## DATA BELOW
(* The function $\kappa\mapsto\Gamma(\kappa,0)$ does not vanish on $(0,\infty)\setminus I_*$, where $I_*:=(0.380337,\,0.380338)$.
   Context: For each $\kappa>0$, $\Gamma(\kappa,0):=\lim_{\ell\to0}\Gamma_\ell$ is the value at $\ell=0$ of the analytic extension of $\ell\mapsto\Gamma_\ell$, where $\Gamma_\ell$ (small $\ell\ne0$) is defined as follows. Set $T:=2\pi/\kappa$, $\mu_0:=\kappa/\tanh(\kappa)$, $H^s_{\rm per}:=H^s(\mathbb R/T\mathbb Z)$. For a sufficiently regular $\eta$ with $1+\eta>0$, $G[1+\eta]\psi:=(\partial_z\phi-\nabla\eta\cdot\nabla\phi)|_{z=1+\eta}$, $\nabla=(\partial_x,\partial_y)$, where $\phi$ is the bounded solution of $\Delta_{x,y,z}\phi=0$ in $\{0<z<1+\eta(x,y)\}$, $\partial_z\phi(\cdot,\cdot,0)=0$, $\phi|_{z=1+\eta}=\psi$. Let $\varepsilon\mapsto(\underline\eta_\varepsilon,\underline\psi_\varepsilon,\underline\mu_\varepsilon)$ be the analytic family of small-amplitude $T$-periodic Stokes waves: the unique solution of $\underline\eta'+G[1+\underline\eta]\underline\psi=0$, $\underline\psi'-\underline\mu\,\underline\eta=\frac12(\underline\psi')^2-\frac12\frac{(G[1+\underline\eta]\underline\psi+\underline\eta'\underline\psi')^2}{1+(\underline\eta')^2}$ with $\|(\underline\eta,\underline\psi)-\varepsilon(\sinh(\kappa)\cos(\kappa\cdot),\cosh(\kappa)\sin(\kappa\cdot))\|_{H^{s_0}_{\rm per}}+|\underline\mu-\mu_0|\le K_0\varepsilon^2$. Set $\underline B_\varepsilon:=\frac{\underline\psi_\varepsilon'-1}{1+(\underline\eta_\varepsilon')^2}\underline\eta_\varepsilon'$, $\underline V_\varepsilon:=\underline\psi'_\varepsilon-\underline B_\varepsilon\underline\eta_\varepsilon'$, $\underline a_\varepsilon:=\underline\mu_\varepsilon-\mu_0-(1-\underline V_\varepsilon)\underline B_\varepsilon'$, $G_{\ell,\xi}[1+\underline\eta_\varepsilon]\psi(x):=e^{-i\xi x-i\ell y}G[1+\underline\eta_\varepsilon]\big((x',y')\mapsto e^{i\xi x'+i\ell y'}\psi(x')\big)(x,y)$ and $L^\varepsilon_{\ell,\xi}:=\begin{pmatrix}(\partial_x+i\xi)((1-\underline V_\varepsilon)\,\cdot\,) & G_{\ell,\xi}[1+\underline\eta_\varepsilon]\\ -(\mu_0+\underline a_\varepsilon) & (1-\underline V_\varepsilon)(\partial_x+i\xi)\end{pmatrix}$ on $L^2_{\rm per}\times H^{1/2}_{\rm per}$. Let $F$ be the odd analytic function with $F(r)=\sqrt{r\tanh r}$ for $r\ge0$, $|n\kappa|_{\ell,\xi}:=\sqrt{(n\kappa+\xi)^2+\ell^2}$, $\lambda^\pm_{n,\ell,\xi}:=i(n\kappa+\xi\pm\sqrt{\mu_0}F(|n\kappa|_{\ell,\xi}))$, and $\xi_+$ the odd analytic function near $0$ with $\xi_+'(0)>0$ and $\lambda^-_{1,\ell,\xi_+(\ell)}=\lambda^+_{-1,\ell,\xi_+(\ell)}=:i\sigma_+(\ell)$. For small $\ell\ne0$ and $|(\varepsilon,\xi-\xi_+(\ell))|\le c_0'|\ell|$, $L^\varepsilon_{\ell,\xi}$ has exactly two eigenvalues in $B(i\sigma_+(\ell),c_0|\ell|)$ (for suitable $c_0,c_0'>0$); let $\Pi_{\ell,\xi}(\varepsilon)$ be the associated Riesz projector and $\mathcal U_{\ell,\xi}(\varepsilon)$ the solution of $\partial_\varepsilon\mathcal U_{\ell,\xi}=[\partial_\varepsilon\Pi_{\ell,\xi},\Pi_{\ell,\xi}]\mathcal U_{\ell,\xi}$, $\mathcal U_{\ell,\xi}(0)=I$. Set $\alpha_\pm(\ell,\xi):=F(|\mp\kappa|_{\ell,\xi})/\sqrt{\mu_0}$, $q_-^0(\ell,\xi,x):=e^{i\kappa x}(i\alpha_-(\ell,\xi),1)^T$, $q_+^0(\ell,\xi,x):=e^{-i\kappa x}(-i\alpha_+(\ell,\xi),1)^T$, $q_\pm^\varepsilon:=\mathcal U_{\ell,\xi}(\varepsilon)q_\pm^0$, $J:=\begin{pmatrix}0&-1\\1&0\end{pmatrix}$, $A^\varepsilon_{\ell,\xi}:=J^{-1}L^\varepsilon_{\ell,\xi}$, $\langle f,g\rangle:=\frac1T\int_0^T\overline{f(x)}\cdot g(x)\,dx$, $a(\ell,\xi,\varepsilon):=\langle q_+^\varepsilon,A^\varepsilon_{\ell,\xi}q_-^\varepsilon\rangle$, $\Gamma_\ell:=\frac12\partial_\varepsilon^2a(\ell,\xi_+(\ell),0)$. (Explicitly, with $s=\sinh\kappa$, $c=\cosh\kappa$, $\Gamma(\kappa,0)=\frac{\kappa^3}{8csD(\kappa)}\big(\kappa^3(64s^8+144s^6+144s^4+94s^2+9)-\kappa^2cs(24s^4+40s^2+27)+\kappa s^2(1+s^2)(48s^6+40s^4+2s^2+27)-cs^3(1+s^2)(40s^4+56s^2+9)\big)$ with $D(\kappa)=\kappa^3(8s^4+10s^2+1)-3\kappa^2cs+3\kappa s^2(1+s^2)(2s^2+1)-cs^3(1+s^2)$.) *)

From Stdlib Require Import Reals.
Open Scope R_scope.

## EXERCISE REQUIREMENTS
Copy the entire listing exactly. Do not skip a line.

## PROBLEM SOLUTION
(* The function $\kappa\mapsto\Gamma(\kappa,0)$ does not vanish on $(0,\infty)\setminus I_*$, where $I_*:=(0.380337,\,0.380338)$.
   Context: For each $\kappa>0$, $\Gamma(\kappa,0):=\lim_{\ell\to0}\Gamma_\ell$ is the value at $\ell=0$ of the analytic extension of $\ell\mapsto\Gamma_\ell$, where $\Gamma_\ell$ (small $\ell\ne0$) is defined as follows. Set $T:=2\pi/\kappa$, $\mu_0:=\kappa/\tanh(\kappa)$, $H^s_{\rm per}:=H^s(\mathbb R/T\mathbb Z)$. For a sufficiently regular $\eta$ with $1+\eta>0$, $G[1+\eta]\psi:=(\partial_z\phi-\nabla\eta\cdot\nabla\phi)|_{z=1+\eta}$, $\nabla=(\partial_x,\partial_y)$, where $\phi$ is the bounded solution of $\Delta_{x,y,z}\phi=0$ in $\{0<z<1+\eta(x,y)\}$, $\partial_z\phi(\cdot,\cdot,0)=0$, $\phi|_{z=1+\eta}=\psi$. Let $\varepsilon\mapsto(\underline\eta_\varepsilon,\underline\psi_\varepsilon,\underline\mu_\varepsilon)$ be the analytic family of small-amplitude $T$-periodic Stokes waves: the unique solution of $\underline\eta'+G[1+\underline\eta]\underline\psi=0$, $\underline\psi'-\underline\mu\,\underline\eta=\frac12(\underline\psi')^2-\frac12\frac{(G[1+\underline\eta]\underline\psi+\underline\eta'\underline\psi')^2}{1+(\underline\eta')^2}$ with $\|(\underline\eta,\underline\psi)-\varepsilon(\sinh(\kappa)\cos(\kappa\cdot),\cosh(\kappa)\sin(\kappa\cdot))\|_{H^{s_0}_{\rm per}}+|\underline\mu-\mu_0|\le K_0\varepsilon^2$. Set $\underline B_\varepsilon:=\frac{\underline\psi_\varepsilon'-1}{1+(\underline\eta_\varepsilon')^2}\underline\eta_\varepsilon'$, $\underline V_\varepsilon:=\underline\psi'_\varepsilon-\underline B_\varepsilon\underline\eta_\varepsilon'$, $\underline a_\varepsilon:=\underline\mu_\varepsilon-\mu_0-(1-\underline V_\varepsilon)\underline B_\varepsilon'$, $G_{\ell,\xi}[1+\underline\eta_\varepsilon]\psi(x):=e^{-i\xi x-i\ell y}G[1+\underline\eta_\varepsilon]\big((x',y')\mapsto e^{i\xi x'+i\ell y'}\psi(x')\big)(x,y)$ and $L^\varepsilon_{\ell,\xi}:=\begin{pmatrix}(\partial_x+i\xi)((1-\underline V_\varepsilon)\,\cdot\,) & G_{\ell,\xi}[1+\underline\eta_\varepsilon]\\ -(\mu_0+\underline a_\varepsilon) & (1-\underline V_\varepsilon)(\partial_x+i\xi)\end{pmatrix}$ on $L^2_{\rm per}\times H^{1/2}_{\rm per}$. Let $F$ be the odd analytic function with $F(r)=\sqrt{r\tanh r}$ for $r\ge0$, $|n\kappa|_{\ell,\xi}:=\sqrt{(n\kappa+\xi)^2+\ell^2}$, $\lambda^\pm_{n,\ell,\xi}:=i(n\kappa+\xi\pm\sqrt{\mu_0}F(|n\kappa|_{\ell,\xi}))$, and $\xi_+$ the odd analytic function near $0$ with $\xi_+'(0)>0$ and $\lambda^-_{1,\ell,\xi_+(\ell)}=\lambda^+_{-1,\ell,\xi_+(\ell)}=:i\sigma_+(\ell)$. For small $\ell\ne0$ and $|(\varepsilon,\xi-\xi_+(\ell))|\le c_0'|\ell|$, $L^\varepsilon_{\ell,\xi}$ has exactly two eigenvalues in $B(i\sigma_+(\ell),c_0|\ell|)$ (for suitable $c_0,c_0'>0$); let $\Pi_{\ell,\xi}(\varepsilon)$ be the associated Riesz projector and $\mathcal U_{\ell,\xi}(\varepsilon)$ the solution of $\partial_\varepsilon\mathcal U_{\ell,\xi}=[\partial_\varepsilon\Pi_{\ell,\xi},\Pi_{\ell,\xi}]\mathcal U_{\ell,\xi}$, $\mathcal U_{\ell,\xi}(0)=I$. Set $\alpha_\pm(\ell,\xi):=F(|\mp\kappa|_{\ell,\xi})/\sqrt{\mu_0}$, $q_-^0(\ell,\xi,x):=e^{i\kappa x}(i\alpha_-(\ell,\xi),1)^T$, $q_+^0(\ell,\xi,x):=e^{-i\kappa x}(-i\alpha_+(\ell,\xi),1)^T$, $q_\pm^\varepsilon:=\mathcal U_{\ell,\xi}(\varepsilon)q_\pm^0$, $J:=\begin{pmatrix}0&-1\\1&0\end{pmatrix}$, $A^\varepsilon_{\ell,\xi}:=J^{-1}L^\varepsilon_{\ell,\xi}$, $\langle f,g\rangle:=\frac1T\int_0^T\overline{f(x)}\cdot g(x)\,dx$, $a(\ell,\xi,\varepsilon):=\langle q_+^\varepsilon,A^\varepsilon_{\ell,\xi}q_-^\varepsilon\rangle$, $\Gamma_\ell:=\frac12\partial_\varepsilon^2a(\ell,\xi_+(\ell),0)$. (Explicitly, with $s=\sinh\kappa$, $c=\cosh\kappa$, $\Gamma(\kappa,0)=\frac{\kappa^3}{8csD(\kappa)}\big(\kappa^3(64s^8+144s^6+144s^4+94s^2+9)-\kappa^2cs(24s^4+40s^2+27)+\kappa s^2(1+s^2)(48s^6+40s^4+2s^2+27)-cs^3(1+s^2)(40s^4+56s^2+9)\big)$ with $D(\kappa)=\kappa^3(8s^4+10s^2+1)-3\kappa^2cs+3\kappa s^2(1+s^2)(2s^2+1)-cs^3(1+s^2)$.) *)

From Stdlib Require Import Reals.
Open Scope R_scope.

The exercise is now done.